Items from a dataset

(* Let $G_m$ be a totally ascending braid Gauss diagram with $r$ circles. Then $r=m+w(G_m)$.
   Context: Braid Gauss diagrams. $B_m$ is the Artin braid group with generators $\sigma_1,\dots,\sigma_{m-1}$. For a word $\beta$ in $\sigma_i^{\pm1}$, the closed braid diagram $D$ of $\beta$ is obtained by joining the top and bottom endpoints of the $m$ strands by $m$ parallel closing strands; it represents an oriented link. The Gauss diagram $G$ of $D$ has one oriented circle parametrizing each component of $D$, and for each crossing an arrow joining its two preimages, pointing from the overpassing preimage to the underpassing one, carrying the sign (local writhe) of the crossing. An arc of $G$ is a connected component of the complement in the circles of all arrow endpoints. The braid Gauss diagram $G_m$ is $G$ together with labels $a_1,\dots,a_m$, where $a_i$ is the arc of $G$ containing the preimage of the $i$-th closing strand. The writhe $w(G_m)$ is the sum of the signs of all arrows. Totally ascending. Let $G_m$ have $r$ circles. For each circle $C$ let $\mu(C)$ be the smallest index $i$ such that the arc $a_i$ lies on $C$. Order the circles so that $\mu(C_1)<\mu(C_2)<\dots<\mu(C_r)$ (so $\mu(C_1)=1$); $C_i$ is the $i$-th circle. $G_m$ is totally ascending if for every pair $1\le i\le j\le r$: walking once around $C_i$ in its orientation, starting from the arc $a_{\mu(C_i)}$, every arrow connecting $C_i$ and $C_j$ (for $i=j$: every arrow with both endpoints on $C_i$) is met first at its head. *)

From HB Require Import structures.
From mathcomp Require Import all_boot all_order all_algebra.
Set Implicit Arguments. Unset Strict Implicit. Unset Printing Implicit Defensive.
Import Order.TTheory GRing.Theory Num.Theory.

(*  - strand positions are 0-based: 0,...,m-1 (position p corresponds   *)
(*    to the paper's index p+1; closing strand p gives arc a_{p+1});    *)
(*  - a letter (i, e) : nat * bool denotes sigma_{i+1} if e = true and  *)
(*    sigma_{i+1}^{-1} if e = false; it exchanges positions i and i+1;  *)
(*  - crossings are numbered 0,...,size w - 1 in word order, and the    *)
(*    strands are traversed from the top (before letter 0) to the       *)
(*    bottom (after the last letter), then back up the closing strands; *)
(*  - the preimage of crossing k on the strand at position i (just      *)
(*    before the crossing) is the point (k,false), the one on the       *)
(*    strand at position i+1 is (k,true);                               *)
(*  - for sigma_{i+1} (e = true) the strand at position i passes over,  *)
(*    so the arrow points to (k,true), and the sign is +1; for the      *)
(*    inverse letter the strand at position i+1 passes over, the arrow  *)
(*    points to (k,false), and the sign is -1.                          *)

Definition letter := (nat * bool)%type.
Definition point := (nat * bool)%type.

Definition valid_word (m : nat) (w : seq letter) : bool :=
  all (fun l : letter => l.1.+1 < m) w.

Definition swap_pos (i p : nat) : nat :=
  if p == i then i.+1 else if p == i.+1 then i else p.

Definition endpos (w : seq letter) (p : nat) : nat :=
  foldl (fun q (l : letter) => swap_pos l.1 q) p w.

(* crossing preimages met along the strand starting at top position p,
   in order; k is the index of the first letter of w *)
Fixpoint strand_pts (w : seq letter) (k p : nat) : seq point :=
  match w with
  | [::] => [::]
  | l :: w' =>
      (if p == l.1 then [:: (k, false)]
       else if p == l.1.+1 then [:: (k, true)] else [::])
      ++ strand_pts w' k.+1 (swap_pos l.1 p)
  end.
Lemma zsummable_poly P : zsummable (fun x => P.[x%:~R] * rho x).
Proof.
have -> : (fun x => P.[x%:~R] * rho x) =
    (fun x => \sum_(i < size P) P`_i * (x%:~R ^+ i * rho x)).
  by apply/funext => x; rewrite horner_coef mulr_suml; apply: eq_bigr => i _; rewrite mulrA.
by apply: zsummable_sum => i; apply/zsummableZ/zsummable_moment.
Qed.

End Moments.

Section ShiftOperator.
Variable R : idomainType.
Implicit Types f g P Q : {poly R}.

Definition Al_poly f g P : {poly R} :=
  g * (P \Po ('X + 1)) + f * ((P \Po ('X + 1)) - (P \Po ('X - 1))).

Lemma horner_comp_XaddC1 P y : (P \Po ('X + 1)).[y] = P.[y + 1].
Proof. by rewrite horner_comp !hornerE. Qed.

Lemma horner_comp_XsubC1 P y : (P \Po ('X - 1)).[y] = P.[y - 1].
Proof. by rewrite horner_comp !hornerE. Qed.

Lemma Al_polyD f g a P Q : Al_poly f g (a *: P + Q) = a *: Al_poly f g P + Al_poly f g Q.
Proof. by rewrite /Al_poly !comp_polyD !comp_polyZ -!mul_polyC; ring. Qed.

Lemma Al_poly0 f g : Al_poly f g 0 = 0.
Proof. by rewrite /Al_poly !comp_poly0 subrr !mulr0 addr0. Qed.

Lemma size_comp_shift_sub P :
  (size ((P \Po ('X + 1)) - (P \Po ('X - 1)))%R <= (size P).-1)%N.
Proof.
have sXD : size ('X + 1 : {poly R}) = 2 by rewrite -polyC1 size_XaddC.
have sXB : size ('X - 1 : {poly R}) = 2 by rewrite -polyC1 size_XsubC.
have lcP1 : (P \Po ('X + 1))`_(size P).-1 = lead_coef P.
  rewrite -(size_comp_poly2 P sXD) -lead_coefE lead_coef_comp ?sXD //.
  by rewrite -polyC1 lead_coefXaddC expr1n mulr1.
have lcP2 : (P \Po ('X - 1))`_(size P).-1 = lead_coef P.
  rewrite -(size_comp_poly2 P sXB) -lead_coefE lead_coef_comp ?sXB //.
  by rewrite -polyC1 lead_coefXsubC expr1n mulr1.
apply/leq_sizeP => j hj; rewrite coefB.
have [->|hjP] := eqVneq j (size P).-1; first by rewrite lcP1 lcP2 subrr.
have hPj : (size P <= j)%N by lia.
by rewrite !nth_default ?subrr ?size_comp_poly2.
Qed.

Lemma size_Al_poly f g P :
  (size f <= 3)%N -> (size g <= 2)%N -> (size (Al_poly f g P) <= (size P).+1)%N.
Proof.
move=> sf sg; have [->|P_neq0] := eqVneq P 0; first by rewrite Al_poly0 size_poly0.
have sP : (0 < size P)%N by rewrite size_poly_gt0.
have sPD : size (P \Po ('X + 1)) = size P by rewrite size_comp_poly2 // -polyC1 size_XaddC.
apply: leq_trans (size_polyD _ _) _; rewrite geq_max.
apply/andP; split; apply: leq_trans (size_polyMleq _ _) _.
  by rewrite sPD; lia.
by have := size_comp_shift_sub P; lia.
Qed.

End ShiftOperator.

Section Pearson.
Variables (R : realType) (rho : int -> R) (f g : {poly R}).
Hypothesis rho_mom : finite_moments rho.
Hypothesis pearson : forall x : int,
  f.[(x + 1)%:~R] * rho (x + 1) - f.[x%:~R] * rho x = g.[x%:~R] * rho x.
Implicit Types P Q : {poly R}.
Local Notation A := (Al_poly f g).

Lemma horner_Al_poly P y : (A P).[y] = Al f g P y.
Proof.
rewrite /Al_poly !(hornerD, hornerN, hornerM, horner_comp_XaddC1, horner_comp_XsubC1).
by rewrite /Al; ring.
Qed.

Definition wdot P Q : R := zsum (fun x => P.[x%:~R] * Q.[x%:~R] * rho x).

Definition sdot P Q : R := wdot P (A Q).

Lemma zsummable_wdot P Q : zsummable (fun x => P.[x%:~R] * Q.[x%:~R] * rho x).
Proof.
have -> : (fun x => P.[x%:~R] * Q.[x%:~R] * rho x) = (fun x => (P * Q).[x%:~R] * rho x).
  by apply/funext => x; rewrite hornerM.
exact: zsummable_poly.
Qed.

Lemma wdotC P Q : wdot P Q = wdot Q P.
Proof. by congr zsum; apply/funext => x; rewrite (mulrC P.[_]). Qed.

Lemma wdot_linear_r P a Q1 Q2 : wdot P (a *: Q1 + Q2) = a * wdot P Q1 + wdot P Q2.
Proof.
rewrite /wdot -(zsumZ a (zsummable_wdot P Q1)).
rewrite -(zsumD (zsummableZ a (zsummable_wdot P Q1)) (zsummable_wdot P Q2)).
by congr zsum; apply/funext => x; rewrite hornerD hornerZ; ring.
Qed.

Lemma wdot_linear_l P a Q1 Q2 : wdot (a *: Q1 + Q2) P = a * wdot Q1 P + wdot Q2 P.
Proof. by rewrite wdotC wdot_linear_r !(wdotC P). Qed.

Lemma wdot0r P : wdot P 0 = 0.
Proof. by have := wdot_linear_r P 1 0 0; rewrite scaler0 addr0 mul1r; lra. Qed.

Lemma wdotZr P a Q : wdot P (a *: Q) = a * wdot P Q.
Proof. by rewrite -[a *: Q]addr0 wdot_linear_r wdot0r addr0. Qed.

Lemma wdotBr P Q1 Q2 : wdot P (Q1 - Q2) = wdot P Q1 - wdot P Q2.
Proof. by rewrite addrC -scaleN1r wdot_linear_r mulN1r addrC. Qed.

Lemma sdot_linear_l a P1 P2 Q : sdot (a *: P1 + P2) Q = a * sdot P1 Q + sdot P2 Q.
Proof. exact: wdot_linear_l. Qed.

Lemma sdot_linear_r a Q1 Q2 P : sdot P (a *: Q1 + Q2) = a * sdot P Q1 + sdot P Q2.
Proof. by rewrite /sdot Al_polyD wdot_linear_r. Qed.

Lemma omegaE x : omega rho f x = (f.[x%:~R] + g.[x%:~R]) * rho x.
Proof. by rewrite /omega mulrDl -pearson; ring. Qed.

Lemma sdot_omega P Q : sdot P Q =
  zsum (fun x => (P.[x%:~R] * Q.[x%:~R + 1] - P.[x%:~R + 1] * Q.[x%:~R]) * omega rho f x).
Proof.
symmetry.
(* Summation by parts: the two sides differ by the telescoping sum of [a]. *)
pose T := f * P * (Q \Po ('X - 1)).
pose a x := T.[x%:~R] * rho x.
have a_shift x : a (x + 1) = omega rho f x * (P.[x%:~R + 1] * Q.[x%:~R]).
  by rewrite /a /T /omega intrD mulr1z !(hornerM, horner_comp_XsubC1) addrK; ring.
have a_sum : zsummable a := zsummable_poly rho_mom T.
transitivity (zsum (fun x => P.[x%:~R] * (A Q).[x%:~R] * rho x + (-1) * (a (x + 1) - a x))).
  congr zsum; apply/funext => x.
  rewrite a_shift omegaE horner_Al_poly /Al /a /T.
  by rewrite !(hornerD, hornerN, hornerM, horner_comp_XsubC1); ring.
rewrite (zsumD (zsummable_wdot P (A Q)) (zsummableZ (-1) (zsummable_telescope a_sum))).
by rewrite (zsumZ _ (zsummable_telescope a_sum)) (zsum_telescope a_sum) mulr0 addr0.
Qed.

■ WORK INSTRUCTIONS: Find the lines above that hold "ShiftOperator", then copy each of them.

■ TASK RESULT:
Section ShiftOperator.
End ShiftOperator.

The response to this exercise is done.